That being said, I was in two minds about the speech bubbles being animated...I can't remember them being so last time and I'm not sure if it helps or detracts from the creepy feeling. That aside, the positioning of the speech bubbles and the way that, if two were on the screen, they both came up at once, didn't help. Half the time I read the wrong speech bubble first and got confused. Having them go left to right or right to left is fine, but just keeping it consistent throughout would be a major help, because it kept seeming to switch.

The plotline itself was fine; this lacked a lot of the action your former one did, although had a major cliffhanger right at the end...I think if anything, that could have been built up to even more than it was, but then again, that final frame is very ominous-looking and generally just...foreboding. Chilling. Awesome. Like I want a copy of that frame to keep as a picture, awesome.
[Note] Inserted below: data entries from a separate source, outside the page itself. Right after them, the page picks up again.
Lemma code_extP J s T : is_ideal J -> codeb T -> codeb (code_ext J s T).
Proof.
case=> J0 JD JZ cT; apply/codeP; split.
- by rewrite -[0]addr0 -{1}(scale0r s) mem_code_ext ?code0.
- move=> _ _ /imsetP[[a t] /setXP[/= aJ tT] ->] /imsetP[[b u] /setXP[/= bJ uT] ->].
  by rewrite addrACA -scalerDl mem_code_ext ?JD ?codeD.
- move=> r _ /imsetP[[a t] /setXP[/= aJ tT] ->].
  by rewrite scalerDr scalerA mem_code_ext ?JZ ?codeZ.
Qed.

Lemma sub_code_ext J s T : 0 \in J -> T \subset code_ext J s T.
Proof.
by move=> J0; apply/subsetP => t tT; rewrite -[t]add0r -(scale0r s) mem_code_ext.
Qed.

Lemma code_ext_sub J s T D :
  codeb D -> s \in D -> T \subset D -> code_ext J s T \subset D.
Proof.
move=> cD sD /subsetP TD; apply/subsetP => _ /imsetP[[a t] /setXP[_ tT] ->].
by apply: codeD; [|apply: codeZ|apply: TD].
Qed.

Lemma conductor_ideal s T : codeb T -> is_ideal (conductor s T).
Proof.
move=> cT; split=> [|a b|r a]; rewrite !inE ?scale0r ?code0 //.
  by rewrite scalerDl; apply: codeD.
by rewrite -scalerA; apply: codeZ.
Qed.

Lemma cover_code_ext T D s :
  code_cover T D -> s \in D -> s \notin T -> code_ext [set: R] s T = D.
Proof.
move=> [cT cD /proper_sub TD Tcov] sD sNT.
have [extT|//] := Tcov _ (code_extP s (ideal_setT R) cT)
  (sub_code_ext s T (in_setT 0)) (code_ext_sub _ cD sD TD).
have := mem_code_ext s (in_setT 1) (code0 cT).
by rewrite scale1r addr0 extT (negbTE sNT).
Qed.

Lemma rowspan_code k (A : 'M[R]_(k, n)) : codeb (rowspan A).
Proof.
apply/codeP; split=> [|_ _ /imsetP[x _ ->] /imsetP[y _ ->]|r _ /imsetP[x _ ->]].
- by apply/imsetP; exists 0; rewrite ?mul0mx.
- by apply/imsetP; exists (x + y); rewrite ?mulmxDl.
- by apply/imsetP; exists (r *: x); rewrite ?scalemxAl.
Qed.

Lemma mulmx_trmx_eq0 k (A : 'M[R]_(k, n)) c :
  (c *m A^T == 0) = (c \in dual_code (rowspan A)).
Proof.
rewrite inE; apply/eqP/forall_inP => [cA _ /imsetP[x _ ->]|c_perp].
  by rewrite inner_mx trmx_mul mulmxA cA mul0mx mxE.
apply/rowP => i; rewrite !mxE.
rewrite (_ : \sum_j _ = inner c (row i A)); last by apply: eq_bigr => j _; rewrite !mxE.
by apply/eqP/c_perp/imsetP; exists (delta_mx 0 i); rewrite -?rowE.
Qed.

Lemma card_rowspan_hull k (A : 'M[R]_(k, n)) :
  #|rowspan A| = (#|rowspan (A *m A^T)| * #|hull (rowspan A)|)%N.
Proof.
rewrite (@card_imset_ker _ _ (mulmx^~ A^T) _ (fun x y => mulmxBl x y A^T)); last first.
  exact: codeB (rowspan_code A).
have -> : [set x in rowspan A | x *m A^T == 0] = hull (rowspan A).
  by apply/setP => c; rewrite in_setI -mulmx_trmx_eq0 inE.
congr (_ * _)%N; apply: eq_card => y.
apply/imsetP/imsetP => [[_ /imsetP[x _ ->] ->]|[x _ ->]].
  by exists x; rewrite ?mulmxA.
by exists (x *m A); [apply/imsetP; exists x | rewrite mulmxA].
Qed.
All in all...great artwork, good storyline. Have quarrels with the speech bubble positions, irked about the typos, but yet again I find myself wanting to watch the next episode. Which I'm doing right now. Sorry for the ramblesome review. xD

-Review Request Club

Celx-Requin responds:

This was an excellent review, please see my response to Haggards review for my thoughts on the text.
Again I must state my admiration for your thoughtful, and useful reviews.

Sincerely,
- Celx

Review Request Club

For a first submission, this shows a lot of promise. But at the same time, a lot of room for improvement.
The graphics in general were a little flawed at parts; during the fight scene the jock with the sleeveless jumper loses the shoulder strap, and the WFD guy loses the outline to his elbow. At the start, the background also looked somehow under-drawn, and the band-leader guy kind of jumped from being vaguely far away from Stanley to right next to him. Just a little flaw, but something that could be fixed with a second look.
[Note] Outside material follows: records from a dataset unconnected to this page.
(* Let $(A,\mu,E,\Delta,\epsilon)$ be a weak multiplier bialgebra over a field $k$. The following are equivalent: (1) $E=1$ in $\mathbb M(A\otimes A)$; (2) $\epsilon(ab)=\epsilon(a)\epsilon(b)$ for all $a,b\in A$; (3) $\overline\sqcap^L(a)=\epsilon(a)1$ in $\mathbb M(A)$ for all $a\in A$; (4) $\overline\sqcap^R(a)=\epsilon(a)1$ in $\mathbb M(A)$ for all $a\in A$.
   Context: Let $k$ be a field, $\otimes=\otimes_k$. A non-unital $k$-algebra $A$ with multiplication $\mu(a\otimes b)=ab$ is idempotent if $\mu$ is surjective and has non-degenerate multiplication if ($ab=0\ \forall a$)$\Rightarrow b=0$ and ($ba=0\ \forall a$)$\Rightarrow b=0$. Its multiplier algebra $\mathbb M(A)$ consists of pairs $(\lambda,\rho)$ of linear maps $A\to A$ with $a\lambda(b)=\rho(a)b$ (product $(\lambda',\rho')(\lambda,\rho)=(\lambda'\lambda,\rho\rho')$, unit $1=(\mathrm{id},\mathrm{id})$), containing $A$ as a dense two-sided ideal; $A\otimes A\subseteq\mathbb M(A)\otimes\mathbb M(A)\subseteq\mathbb M(A\otimes A)$. $\langle X\rangle$ is linear span; multiplicative $\gamma:A\to\mathbb M(B)$ with idempotent $e\in\mathbb M(B)$, $\langle\gamma(a)b\rangle=eB$, $\langle b\gamma(a)\rangle=Be$, extends uniquely to multiplicative $\overline\gamma:\mathbb M(A)\to\mathbb M(B)$ with $\overline\gamma(1)=e$. A weak multiplier bialgebra: idempotent $A$ with non-degenerate multiplication, idempotent $E\in\mathbb M(A\otimes A)$, multiplicative linear $\Delta:A\to\mathbb M(A\otimes A)$, linear $\epsilon:A\to k$ with: (i) $T_1(a\otimes b):=\Delta(a)(1\otimes b)$, $T_2(a\otimes b):=(a\otimes1)\Delta(b)$ lie in $A\otimes A$; (ii) $(T_2\otimes\mathrm{id})(\mathrm{id}\otimes T_1)=(\mathrm{id}\otimes T_1)(T_2\otimes\mathrm{id})$; (iii) $(\epsilon\otimes\mathrm{id})T_1=\mu=(\mathrm{id}\otimes\epsilon)T_2$; (iv) $\langle\Delta(a)(b\otimes b')\rangle=\langle E(b\otimes b')\rangle$ and $\langle(b\otimes b')\Delta(a)\rangle=\langle(b\otimes b')E\rangle$; (v) $(E\otimes1)(1\otimes E)=E^{(3)}=(1\otimes E)(E\otimes1)$ with $E^{(3)}:=(\overline{\mathrm{id}\otimes\Delta})(E)=(\overline{\Delta\otimes\mathrm{id}})(E)$; (vi) $(\epsilon\otimes\mathrm{id})((1\otimes a)E(b\otimes c))=(\epsilon\otimes\mathrm{id})(\Delta(a)(b\otimes c))$ and $(\epsilon\otimes\mathrm{id})((a\otimes b)E(1\otimes c))=(\epsilon\otimes\mathrm{id})((a\otimes b)\Delta(c))$. For $a\in A$: $\overline\sqcap^L(a)\in\mathbb M(A)$ is the multiplier with $\overline\sqcap^L(a)b=(\epsilon\otimes\mathrm{id})((a\otimes1)\Delta(b))$ and $b\overline\sqcap^L(a)=(\epsilon\otimes\mathrm{id})((a\otimes b)E)$; $\overline\sqcap^R(a)\in\mathbb M(A)$ is the multiplier with $b\overline\sqcap^R(a)=(\mathrm{id}\otimes\epsilon)(\Delta(b)(1\otimes a))$ and $\overline\sqcap^R(a)b=(\mathrm{id}\otimes\epsilon)(E(b\otimes a))$. *)

From HB Require Import structures.
From mathcomp Require Import all_boot all_algebra.
From Stdlib Require Import ClassicalEpsilon.
Set Implicit Arguments.
Unset Strict Implicit.
Unset Printing Implicit Defensive.
Import GRing.Theory.
Local Open Scope ring_scope.

Section WMBA.
Variable k : fieldType.

Definition islin (U W : lmodType k) (f : U -> W) :=
  forall (c : k) (x y : U), f (c *: x + y) = c *: f x + f y.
The lip-sync was okay, but at the points where you had the close-up of anyone's face it was obvious that it was a little static on the animation side. However, the voices themselves were pretty good and the music/sound effects worked well...although the drums in the music you chose weren't exactly fast.

The animation again, was alright, but could have done with some improvement; when the jock does the chicken movement you can see the outline of his body stick out from his arms (Don't know how else to describe, sorry), and the nunchucks were very artificial for a weapon that's meant to be very fluid and dynamic.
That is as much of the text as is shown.